Society, all over the world, seems to urge everyone on the face of the earth that you would reach ultimate happiness, once you’ve found someone to share your life with. To have someone supporting you — building a life that we’ve always dreamed of with a companion on our side. If this was true, then it would only mean one thing…
We cannot be happy on our own.
Would you like to believe that? Or, admitted it to yourself that no matter how hard you work and try to make your dreams come true, you will never be fulfilled… Just because you don’t have someone by your side, a partner? I highly doubt that the majority of people, even the ones who encourage others that having a partner would make you happy, would even dare to answer the questions with a “YES”. Personally, this could be a wake-up call for the society to start appreciating the single people who managed to stay positive and have a meaningful and fulfilled life. Moreover, a healthy state of mind, as well as self-love. Because, frankly, single people are too often stereotyped and stigmatised as pitiful, while the ones married or in a relationship are celebrated. Reasons Why You Should Embrace the “Single Life” The outrageous claims where people say that getting married makes people happier, healthier and more integrated into society are grossly exaggerated and quite sickening, to be honest. If you’re in a relationship and you’re happy about it, then great. But it simply is unwise to associate “being in a relationship” as THE reason.
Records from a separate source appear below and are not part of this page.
From mathcomp Require Import all_boot zify.
From Stdlib Require Import Classical IndefiniteDescription FunctionalExtensionality.
Set Implicit Arguments. Unset Strict Implicit. Unset Printing Implicit Defensive.

(* Run two processes with inputs x <> y.  The initial configuration is
   bivalent (both x and y are still possible decisions), because a process
   running solo must decide its own input.  A reachable bivalent configuration
   has a bivalent successor: otherwise the steps of two processes p <> q lead
   to configurations from which only x, resp. only y, can be decided.  But for
   k >= 3, of any two operations on registers and WRN_k objects one is hidden
   from the process performing the other: it is overwritten, leaves the memory
   unchanged, or commutes with the other as far as that process can see.  A
   solo run of that process then decides the same value after both steps, a
   contradiction.  Iterating yields an infinite run through bivalent
   configurations, in which some process takes infinitely many steps without
   ever deciding, contradicting wait-freedom. *)

Lemma val_ordS k (i : 'I_k) : nat_of_ord (ordS i) = if i.+1 < k then i.+1 else 0.
Proof.
case: ltnP => [lt|ge]; first exact: modn_small.
have e : i.+1 = k by apply/anti_leq; rewrite ge ltn_ord.
by rewrite /= e modnn.
Qed.

Lemma ordS_ordS_neq k (i : 'I_k) : 2 < k -> ordS (ordS i) != i.
Proof.
move=> k_gt2; apply/eqP => /(congr1 (@nat_of_ord k)); rewrite !val_ordS.
by have := ltn_ord i; case: ifP; case: ifP; lia.
Qed.

Lemma mkseq_nth_nseq (T : Type) (x : T) s m :
  mkseq (nth x s) (size s + m) = s ++ nseq m x.
Proof.
elim: m => [|m IH]; first by rewrite addn0 cats0 mkseq_nth.
by rewrite addnS mkseqS IH nth_default ?leq_addr // rcons_cat -cats1 -addn1 nseqD.
Qed.

Section WrnObject.
Variables (k : nat) (V : Type).
Implicit Types (X : 'I_k -> option V) (i j : 'I_k) (u v : V).

Lemma wrn_apply_overwrite X i u v :
  wrn_apply (wrn_apply X i u).1 i v = wrn_apply X i v.
Proof.
rewrite /wrn_apply /=; congr (_, _); last by case: eqP.
by apply: functional_extensionality => j; case: eqP.
Qed.

Lemma wrn_apply_commute X i j u v : i != j ->
  (wrn_apply (wrn_apply X i u).1 j v).1 = (wrn_apply (wrn_apply X j v).1 i u).1.
Proof.
move=> ij; apply: functional_extensionality => l /=.
by case: (eqVneq l j) => [->|//]; rewrite eq_sym (negbTE ij).
Qed.

Lemma wrn_apply_response X i j u v : ordS j != i ->
  (wrn_apply (wrn_apply X i u).1 j v).2 = (wrn_apply X j v).2.
Proof. by move=> /negbTE ji /=; rewrite ji. Qed.

End WrnObject.

Section Algorithm.
Variables (k n : nat) (In : Type) (A : algorithm k n In).
(* Keeps [/=] from unfolding the object, so that the [wrn_apply_*] lemmas apply. *)
Local Opaque wrn_apply.

Record memory := Memory {
  mregs : RegObj A -> Val A;
  mwrns : WrnObj A -> 'I_k -> option (Val A)
}.

Definition operation := action k In (Val A) (RegObj A) (WrnObj A).
Implicit Types (a b : operation).

Definition decides a := if a is Decide _ then true else false.

Definition update a (m : memory) : memory :=
  match a with
  | Write r v => Memory (fun r' => if r' == r then v else mregs m r') (mwrns m)
  | WRN w i v =>
      Memory (mregs m)
             (fun w' => if w' == w then (wrn_apply (mwrns m w) i v).1 else mwrns m w')
  | _ => m
  end.

Definition response a (m : memory) : option (Val A) :=
  match a with
  | Read r => Some (mregs m r)
  | WRN w i v => (wrn_apply (mwrns m w) i v).2
  | _ => None
  end.

Definition op_hidden a b (m : memory) :=
  response b (update a m) = response b m /\
  (update b (update a m) = update b m \/ update b (update a m) = update a (update b m)).

Lemma quiet_op_hidden a b (m : memory) : update a m = m -> op_hidden a b m.
Proof. by rewrite /op_hidden => ->; split=> //; left. Qed.

Lemma op_hidden_or a b (m : memory) : 2 < k -> op_hidden a b m \/ op_hidden b a m.
Proof.
move=> k_gt2; case: m => R W.
case: a => [d|r|r u|w i u]; try by left; apply: quiet_op_hidden.
all: case: b => [d'|r'|r' v|w' j v]; try by right; apply: quiet_op_hidden.
all: rewrite /op_hidden /=; try by left; split=> //; right.
- left; split => //.
  have [<-|rr'] := eqVneq r r'; [left|right]; congr Memory;
    apply: functional_extensionality => x; first by case: eqP.
  by case: (eqVneq x r') => [->|//]; rewrite eq_sym (negbTE rr').
- have [<-|ww'] := eqVneq w w'; last first.
    left; split => //; right.
    congr Memory; apply: functional_extensionality => x.
    by case: (eqVneq x w') => [->|//]; rewrite eq_sym (negbTE ww').
  have same_object X Y :
      (fun x => if x == w then X else if x == w then Y else W x) =
      (fun x => if x == w then X else W x).
    by apply: functional_extensionality => x; case: eqP.
  have [<-|ij] := eqVneq i j.
    by left; rewrite wrn_apply_overwrite !same_object; split => //; left.
  have [ji|/negPn/eqP ji] := boolP (ordS j != i).
    left; rewrite wrn_apply_response // wrn_apply_commute // !same_object.
    by split => //; right.
  (* The only use of k > 2: WRN(j) reads the cell written by WRN(i), so
     WRN(i) reads cell j + 2, which is not the cell j written by WRN(j). *)
  have ij' : ordS i != j by rewrite -ji ordS_ordS_neq.
  right; rewrite wrn_apply_response // wrn_apply_commute 1?eq_sym // !same_object.
  by split => //; right.
Qed.

Implicit Types (c : config A) (p q r : 'I_n) (l : seq 'I_n).

Definition mem c := Memory (regs c) (wrns c).

Definition exec c l : config A := foldl (@step _ _ _ A) c l.

Lemma exec_cat c l1 l2 : exec c (l1 ++ l2) = exec (exec c l1) l2.
Proof. exact: foldl_cat. Qed.

Lemma run_exec inp sched t :
  run A inp sched t = exec (init_config A inp) (mkseq sched t).
Proof. by elim: t => // t IH; rewrite [run _ _ _ _]/= mkseqS /exec foldl_rcons IH. Qed.

Lemma step_decides c p : decides (act A p (loc c p)) -> step c p = c.
Proof. by rewrite /step; case: act. Qed.

Lemma mem_step c p : mem (step c p) = update (act A p (loc c p)) (mem c).
Proof. by rewrite /step; case: act. Qed.

Lemma loc_step c p : ~~ decides (act A p (loc c p)) ->
  loc (step c p) p = upd A p (loc c p) (response (act A p (loc c p)) (mem c)).
Proof. by rewrite /step; case: act => //= *; rewrite /set_loc eqxx. Qed.

Lemma loc_step_other c p q : q != p -> loc (step c p) q = loc c q.
Proof. by move=> /negbTE qp; rewrite /step; case: act => * //=; rewrite /set_loc qp. Qed.

Lemma decided_step c p q d : decided c p d -> decided (step c q) p d.
Proof.
move=> dec; have [<-|pq] := eqVneq p q; first by rewrite step_decides ?dec.
by rewrite /decided loc_step_other.
Qed.

Lemma decided_exec c l p d : decided c p d -> decided (exec c l) p d.
Proof. by elim: l c => //= q l IH c /(decided_step q) /IH. Qed.

Lemma decided_run_le inp sched t t' p d : t <= t' ->
  decided (run A inp sched t) p d -> decided (run A inp sched t') p d.
Proof.
move=> /subnK <-; elim: (t' - t) => // j IH /IH.
by rewrite addSn; apply: decided_step.
Qed.

Definition indist q c c' := loc c q = loc c' q /\ mem c = mem c'.

Lemma indist_step q c c' : indist q c c' -> indist q (step c q) (step c' q).
Proof.
case=> eL eM; have [dq|dq] := boolP (decides (act A q (loc c q))).
  by rewrite !step_decides -?eL.
have dq' : ~~ decides (act A q (loc c' q)) by rewrite -eL.
by split; [rewrite !loc_step // eL eM | rewrite !mem_step eL eM].
Qed.

Lemma indist_solo q c c' m :
  indist q c c' -> indist q (exec c (nseq m q)) (exec c' (nseq m q)).
Proof. by elim: m c c' => //= m IH c c' /indist_step /IH. Qed.

Lemma indist_decided q c c' d : indist q c c' -> decided c q d -> decided c' q d.
Proof. by case=> eL _; rewrite /decided eL. Qed.

Definition step_hidden c p q :=
  indist q (step (step c p) q) (step c q) \/
  indist q (step (step c p) q) (step (step c q) p).

Lemma step_hidden_of_op c p q : p != q -> ~~ decides (act A q (loc c q)) ->
  op_hidden (act A p (loc c p)) (act A q (loc c q)) (mem c) -> step_hidden c p q.
Proof.
move=> pq dq [resp hidden]; have qp : q != p by rewrite eq_sym.
have dq' : ~~ decides (act A q (loc (step c p) q)) by rewrite loc_step_other.
have loc_pq : loc (step (step c p) q) q = loc (step c q) q.
  by rewrite !loc_step // loc_step_other // mem_step resp.
rewrite /step_hidden /indist !mem_step !(loc_step_other _ qp) (loc_step_other _ pq).
by case: hidden => ->; [left|right].
Qed.

Lemma step_hidden_or c p q : 2 < k -> p != q -> step_hidden c p q \/ step_hidden c q p.
Proof.
move=> k_gt2 pq.
have decider_hidden r r' : decides (act A r (loc c r)) -> step_hidden c r r'.
  by rewrite /step_hidden => /step_decides->; left.
have [/decider_hidden|dq] := boolP (decides (act A q (loc c q))); first by right.
have [/decider_hidden|dp] := boolP (decides (act A p (loc c p))); first by left.
have [hpq|hqp] := op_hidden_or (act A p (loc c p)) (act A q (loc c q)) (mem c) k_gt2.
  by left; apply: step_hidden_of_op.
by right; apply: step_hidden_of_op; rewrite // eq_sym.
Qed.

Lemma exists_invariant_schedule (P : config A -> Prop) inp :
  P (init_config A inp) -> (forall c, P c -> exists p, P (step c p)) ->
  exists sched, forall t, P (run A inp sched t).
Proof.
move=> P0 HP; have [p0 _] := HP _ P0.
have [next Hnext] : exists next, forall c, P c -> P (step c (next c)).
  apply: (functional_choice (fun c p => P c -> P (step c p))) => c.
  have [/HP [p Hp]|nPc] := classic (P c); first by exists p.
  by exists p0 => /nPc.
pose fix cfg t := if t is t'.+1 then step (cfg t') (next (cfg t')) else init_config A inp.
exists (next \o cfg) => t.
have -> : run A inp (next \o cfg) t = cfg t by elim: t => //= t ->.
by elim: t => //= t /Hnext.
Qed.

Definition fair (sched : nat -> 'I_n) p := forall t, exists2 t', t <= t' & sched t' = p.

Lemma exists_fair (sched : nat -> 'I_n) : exists p, fair sched p.
Proof.
apply: NNPP => none.
have [bound Hbound] : exists bound, forall p t, bound p <= t -> sched t != p.
  apply: (functional_choice (fun p t0 => forall t, t0 <= t -> sched t != p)) => p.
  have /not_all_ex_not [t0 Ht0] : ~ fair sched p by move=> f; apply: none; exists p.
  by exists t0 => t le; apply/eqP => e; apply: Ht0; exists t.
pose T := \max_p bound p.
by have /eqP := Hbound (sched T) T (leq_bigmax _).
Qed.

Section Consensus.
Hypothesis solved : solves_consensus A.

Lemma exec_validity inp l p d :
  decided (exec (init_config A inp) l) p d -> exists q, d = inp q.
Proof.
case: solved => valid _; rewrite -[l](mkseq_nth p) -run_exec.
exact: valid.
Qed.

Lemma exec_agreement inp l p q dp dq :
  decided (exec (init_config A inp) l) p dp ->
  decided (exec (init_config A inp) l) q dq -> dp = dq.
Proof.
case: solved => _ [agree _]; rewrite -[l](mkseq_nth p) -run_exec.
exact: agree.
Qed.

Lemma solo_termination inp l q :
  exists m d, decided (exec (init_config A inp) (l ++ nseq m q)) q d.
Proof.
case: solved => _ [_ wait_free].
have fair_q : fair (nth q l) q.
  by move=> t; exists (t + size l); rewrite ?leq_addr // nth_default ?leq_addl.
have [t [d dec]] := wait_free inp _ q fair_q.
exists t, d.
have := decided_run_le (leq_addl (size l) t) dec.
by rewrite run_exec mkseq_nth_nseq.
Qed.

Lemma solo_decides_input inp p :
  exists m, decided (exec (init_config A inp) (nseq m p)) p (inp p).
Proof.
have [m [d dec]] := solo_termination (fun=> inp p) [::] p.
have [_ /= ed] := exec_validity dec; subst d.
by exists m; apply: indist_decided dec; apply: indist_solo.
Qed.

End Consensus.
End Algorithm.

Section Bivalence.
Variables (k n : nat) (In : Type) (A : algorithm k n In).
Hypotheses (k_gt2 : 2 < k) (solved : solves_consensus A).
Variables (p0 p1 : 'I_n) (x y : In).
Hypotheses (p01 : p0 != p1) (xy : x <> y).
Implicit Types (c : config A) (p q : 'I_n) (l : seq 'I_n).

Let inp p := if p == p0 then x else y.
Let c0 := init_config A inp.

Definition can_decide c v := exists l p, decided (exec c l) p v.
Definition bivalent c := can_decide c x /\ can_decide c y.
Definition reachable c := exists l, c = exec c0 l.

Lemma reachable_step c p : reachable c -> reachable (step c p).
Proof. by case=> l ->; exists (rcons l p); rewrite -cats1 exec_cat. Qed.

Lemma can_decide_step c p v : can_decide (step c p) v -> can_decide c v.
Proof. by case=> l [q dec]; exists (p :: l), q. Qed.

Lemma can_decide_inputs c v : reachable c -> can_decide c v -> v = x \/ v = y.
Proof.
case=> l0 -> [l [p]]; rewrite -exec_cat => /(exec_validity solved) [q ->].
by rewrite /inp; case: eqP; [left|right].
Qed.

Lemma bivalent_undecided c p d : reachable c -> bivalent c -> ~ decided c p d.
Proof.
case=> l0 -> [[lx [px decx]] [ly [py decy]]] dec; apply: xy.
have agree l q v : decided (exec (exec c0 l0) l) q v -> d = v.
  rewrite -exec_cat; apply: (exec_agreement solved).
  by rewrite exec_cat; apply: decided_exec dec.
by rewrite -(agree _ _ _ decx) (agree _ _ _ decy).
Qed.

Lemma indist_common_decision q c c' :
  reachable c -> indist q c c' -> exists v, can_decide c v /\ can_decide c' v.
Proof.
case=> l0 -> same_view.
have [m [d dec]] := solo_termination solved inp l0 q; rewrite exec_cat in dec.
exists d; split; first by exists (nseq m q), q.
by exists (nseq m q), q; apply: indist_decided dec; apply: indist_solo.
Qed.

Lemma hidden_common_decision c p q : reachable c -> step_hidden c p q ->
  exists v, can_decide (step c p) v /\ can_decide (step c q) v.
Proof.
move=> Rc hidden.
have Rpq : reachable (step (step c p) q) by apply/reachable_step/reachable_step.
case: hidden => /(indist_common_decision Rpq) [v [Vpq V]]; exists v.
  by split; [apply: can_decide_step Vpq | exact: V].
by split; [apply: can_decide_step Vpq | apply: can_decide_step V].
Qed.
People who get married do not end up any happier than they were when they were single — they do not end up any healthier or less depressed than when they were single, nor do they enjoy any higher self-esteem. As a matter of fact, people who are single yet they embrace their single status and live their lives to their best, most authentic and meaningful way possible. These are the people who need to be appraised, and not brought down just because of their single status. Quoting from the book Reflections of a Man by Mr. Amari Soul, “She’s single, not because she can’t find a man, but because she’s waiting for the right man to come along and make her feel so secure in the relationship that loving him just comes natural and easy.” Don’t ever let anyone make you feel like being single is a bad thing. Take your time, be patient, and wait for the right one. The real key to living the single life is building a relationship with yourself, tending to yourself, and loving yourself. Here are a few ways to live your best single life:- Embrace your single status. Define what single means to you and totally own it. Being single means you’re independent, and that’s awesome!
- Spend more time alone — for it is the best way to get to know yourself. The more you get to know yourself, the happier you’ll be.
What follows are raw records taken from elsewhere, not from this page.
(* S_{i°} rotates the rows of X cyclically so that row i° comes first, multiplying
   the rows that wrap around by (-1)^(n+k+1); it is the (i°-1)-fold iterate of the
   one-step rotation.  (S1) holds because z° carries the same signs, so that
   z°^t S(X) = z^t X, and (S3) because, k being odd, the alternating row sum is only
   multiplied by (-1)^(i°-1).  For (S2), one rotation step multiplies det_{n,k} by
   (-1)^k: a k-subset c avoiding the last row is shifted to c + 1, which changes
   sgn(c) by (-1)^k; a subset containing it becomes {1} u (c \ {n}) + 1, and the
   sign of the resulting k-cycle of rows, the factor (-1)^(n+k+1) and the change of
   sgn(c) again combine to (-1)^k. *)

Lemma signr_eq_even (R : pzRingType) (a b t : nat) :
  (a + b = 2 * t)%N -> (-1) ^+ a = (-1) ^+ b :> R.
Proof.
move=> ab; rewrite -signr_odd -[RHS]signr_odd; congr (_ ^+ _).
have : ~~ odd (a + b) by rewrite ab oddM.
by rewrite oddD; case: (odd a); case: (odd b).
Qed.

Lemma ltn_ord_max n (i : 'I_n.+1) : (i < n)%N = (i != ord_max).
Proof. by rewrite ltn_neqAle leq_ord andbT -(inj_eq (@ord_inj _)). Qed.

Lemma ord_gt0 n (i : 'I_n.+1) : (0 < i)%N = (i != ord0).
Proof. by rewrite lt0n -(inj_eq (@ord_inj _)). Qed.

Lemma ordSE n (i : 'I_n.+1) : ordS i = (if i < n then i.+1 else 0)%N :> nat.
Proof.
rewrite /=; case: ltnP => [lt_in | le_ni]; first by rewrite modn_small.
by rewrite (_ : i.+1 = n.+1) ?modnn //; have := ltn_ord i; lia.
Qed.

Lemma ord_predE n (i : 'I_n.+1) : ord_pred i = (if 0 < i then i.-1 else n)%N :> nat.
Proof.
rewrite /=; case: posnP => [-> | i_gt0]; first by rewrite modn_small.
by rewrite (_ : (i + n.+1).-1 = i.-1 + n.+1)%N ?modnDr ?modn_small //;
  have := ltn_ord i; lia.
Qed.

Lemma ordS_add_wrap n (i : 'I_n.+1) : (ordS i + (i == ord_max) * n.+1 = i.+1)%N.
Proof.
rewrite ordSE -(inj_eq (@ord_inj _)) /=.
by case: (ltnP i n) => ?; case: eqP => ? /=; have := ltn_ord i; lia.
Qed.

Section IncreasingMaps.
Variables n k : nat.
Implicit Types c : {ffun 'I_k -> 'I_n}.

Lemma incrP c :
  reflect (forall a b : 'I_k, (a < b)%N -> (c a < c b)%N) (incr_map c).
Proof.
apply: (iffP forallP) => [incr_c a b | incr_c a].
  by have /forallP/(_ b)/implyP := incr_c a.
by apply/forallP => b; apply/implyP; apply: incr_c.
Qed.

Lemma incr_map_le c (a b : 'I_k) : incr_map c -> (a <= b)%N -> (c a <= c b)%N.
Proof.
move=> /incrP incr_c; rewrite leq_eqVlt => /orP [/eqP/val_inj -> // | ].
by move/incr_c/ltnW.
Qed.

Lemma incr_map_inj c : incr_map c -> injective c.
Proof.
move=> /incrP incr_c a b eq_ab.
by case: (ltngtP a b) => [/incr_c | /incr_c | /val_inj //]; rewrite eq_ab ltnn.
Qed.

Lemma incr_map_ge c (a : 'I_k) : incr_map c -> (a <= c a)%N.
Proof.
move=> /incrP incr_c; suff ge_c m (lt_mk : (m < k)%N) : (m <= c (Ordinal lt_mk))%N.
  by rewrite (_ : a = Ordinal (ltn_ord a)) //; apply: val_inj.
elim: m lt_mk => // m IHm lt_mk.
have lt_m'k : (m < k)%N by apply: ltnW.
have := incr_c (Ordinal lt_m'k) (Ordinal lt_mk) (ltnSn m).
by have := IHm lt_m'k; lia.
Qed.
- Be more spontaneous — Because one day, you might not be afforded the same flexibility.
- Travel, A lot. It’s much easier for single people to just get up and go. So why not do it? Again, later in life, you might not have the same freedom to do so.
- Move around. There are much less reasons that tie you down to one particular place, so make the best of this time to experience life in different places. It’s easier to pick up and replant roots when you only have yourself to worry about.